_EXERCISE AIM_. Copy exactly, and only, the lines from the line containing "replace (a i" through the last line of the records below, both included.

_EXTRACTED ENTRIES_.
Definition Pinf_pre (q : choice_data) (x : pt) : Prop := exists m, Pk q m x.
Definition rho_inf (q : choice_data) (x y : pt) : R :=
  rhok q (epsilon (inhabits 0%nat) (fun m => Pk q m x /\ Pk q m y)) x y.
Definition Linf (q : choice_data) (x : pt) : Prop := exists m, Lk q m x.

(* The completion (P_infty, rho_infty): Cauchy sequences in calP_infty,
   at distance lim_j rho_infty(u_j, v_j); calP_infty embeds as constant
   sequences. *)
Definition cauchy_in (q : choice_data) (u : nat -> pt) : Prop :=
  (forall j, Pinf_pre q (u j)) /\
  forall eps, 0 < eps -> exists N, forall i j, (N <= i)%nat -> (N <= j)%nat ->
    rho_inf q (u i) (u j) < eps.

Definition completion_dist (q : choice_data) (u v : nat -> pt) : R :=
  real (Lim_seq (fun j => rho_inf q (u j) (v j))).

Definition embed (x : pt) : nat -> pt := fun _ => x.

Definition dense_in_completion (q : choice_data) (S : pt -> Prop) : Prop :=
  forall u, cauchy_in q u -> forall eps, 0 < eps ->
    exists l, S l /\ completion_dist q (embed l) u < eps.

From Stdlib Require Import Reals Lra Lia ClassicalEpsilon FunctionalExtensionality.
From Coquelicot Require Import Coquelicot.
Open Scope R_scope.

(* Each rho_k is a pseudometric, since rho_(k+1) glues the arcs theta_(r_n) onto rho_k at
   the points q_n; and rho_infinity is rho_k on P_k.  A Cauchy sequence is eventually within
   eps/4 of one of its terms x, which lies in some P_m.  At a late stage M, either x is
   already in L_M, or x is not in L_M and is close to some q_n in Q_M (note x is not in Q_M,
   since x_M = 0 but the M-th coordinate of q_n is not 0).  In that case the tip (q_n, r_n)
   of the arc at q_n is in L_(M+1), and its distance to x is
   theta_(r_n)(r_n, 0) + rho_M(q_n, x) = r_n theta(gamma 1, gamma 0) + rho_M(q_n, x),
   which is small because r_n <= 2^-M. *)

Record pseudometric {T : Type} (d : T -> T -> R) : Prop := {
  pm_refl : forall x, d x x = 0;
  pm_sym : forall x y, d x y = d y x;
  pm_nonneg : forall x y, 0 <= d x y;
  pm_triangle : forall x y z, d x z <= d x y + d y z }.

Ltac case_dec := unfold dec; repeat match goal with
  |- context [excluded_middle_informative ?P] => destruct (excluded_middle_informative P) end.

Definition finite_support (a : pt) : Prop := exists N, forall i, (N <= i)%nat -> a i = 0.

Lemma ex_series_finite_support a : finite_support a -> ex_series a.
Proof.
  intros [N HN]. apply (ex_series_incr_n a N).
  apply (ex_series_le (V := R_CompleteNormedModule) _ (fun k => (1/2) ^ k)).
  - intros k. rewrite HN by lia. change (Rabs 0 <= (1 / 2) ^ k). rewrite Rabs_R0. apply pow_le. lra.
  - apply ex_series_geom. rewrite Rabs_pos_eq; lra.
Qed.

Lemma finite_support_abs_sub a b :
  finite_support a -> finite_support b -> finite_support (fun i => Rabs (a i - b i)).
Proof.
  intros [N HN] [M HM]. exists (N + M)%nat. intros i Hi.
  rewrite HN, HM by lia. rewrite Rminus_0_r. apply Rabs_R0.
Qed.

Lemma theta_refl a : theta a a = 0.
Proof.
  unfold theta. rewrite (Series_ext _ (fun _ => 0 * 0)).
  - rewrite Series_scal_l. ring.
  - intros i. rewrite Rminus_diag_eq, Rabs_R0 by reflexivity. ring.
Qed.

Lemma theta_sym a b : theta a b = theta b a.
Proof. apply Series_ext. intros i. apply Rabs_minus_sym. Qed.

Lemma theta_nonneg a b : finite_support a -> finite_support b -> 0 <= theta a b.
Proof.
  intros Ha Hb. rewrite <- (theta_refl a). apply Series_le.
  - intros i. rewrite Rminus_diag_eq, Rabs_R0 by reflexivity. split; [lra | apply Rabs_pos].
  - apply ex_series_finite_support, finite_support_abs_sub; assumption.
Qed.

Lemma theta_triangle a b c : finite_support a -> finite_support b -> finite_support c ->
  theta a c <= theta a b + theta b c.
Proof.
  intros Ha Hb Hc. unfold theta.
  rewrite <- Series_plus by (apply ex_series_finite_support, finite_support_abs_sub; assumption).
  apply Series_le.
  - intros i. split; [apply Rabs_pos|].
    replace (a i - c i) with ((a i - b i) + (b i - c i)) by ring. apply Rabs_triang.
  - apply (ex_series_plus (fun i => Rabs (a i - b i)) (fun i => Rabs (b i - c i)));
      apply ex_series_finite_support, finite_support_abs_sub; assumption.
Qed.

_ANSWER BELOW_.
    replace (a i - c i) with ((a i - b i) + (b i - c i)) by ring. apply Rabs_triang.
  - apply (ex_series_plus (fun i => Rabs (a i - b i)) (fun i => Rabs (b i - c i)));
      apply ex_series_finite_support, finite_support_abs_sub; assumption.
Qed.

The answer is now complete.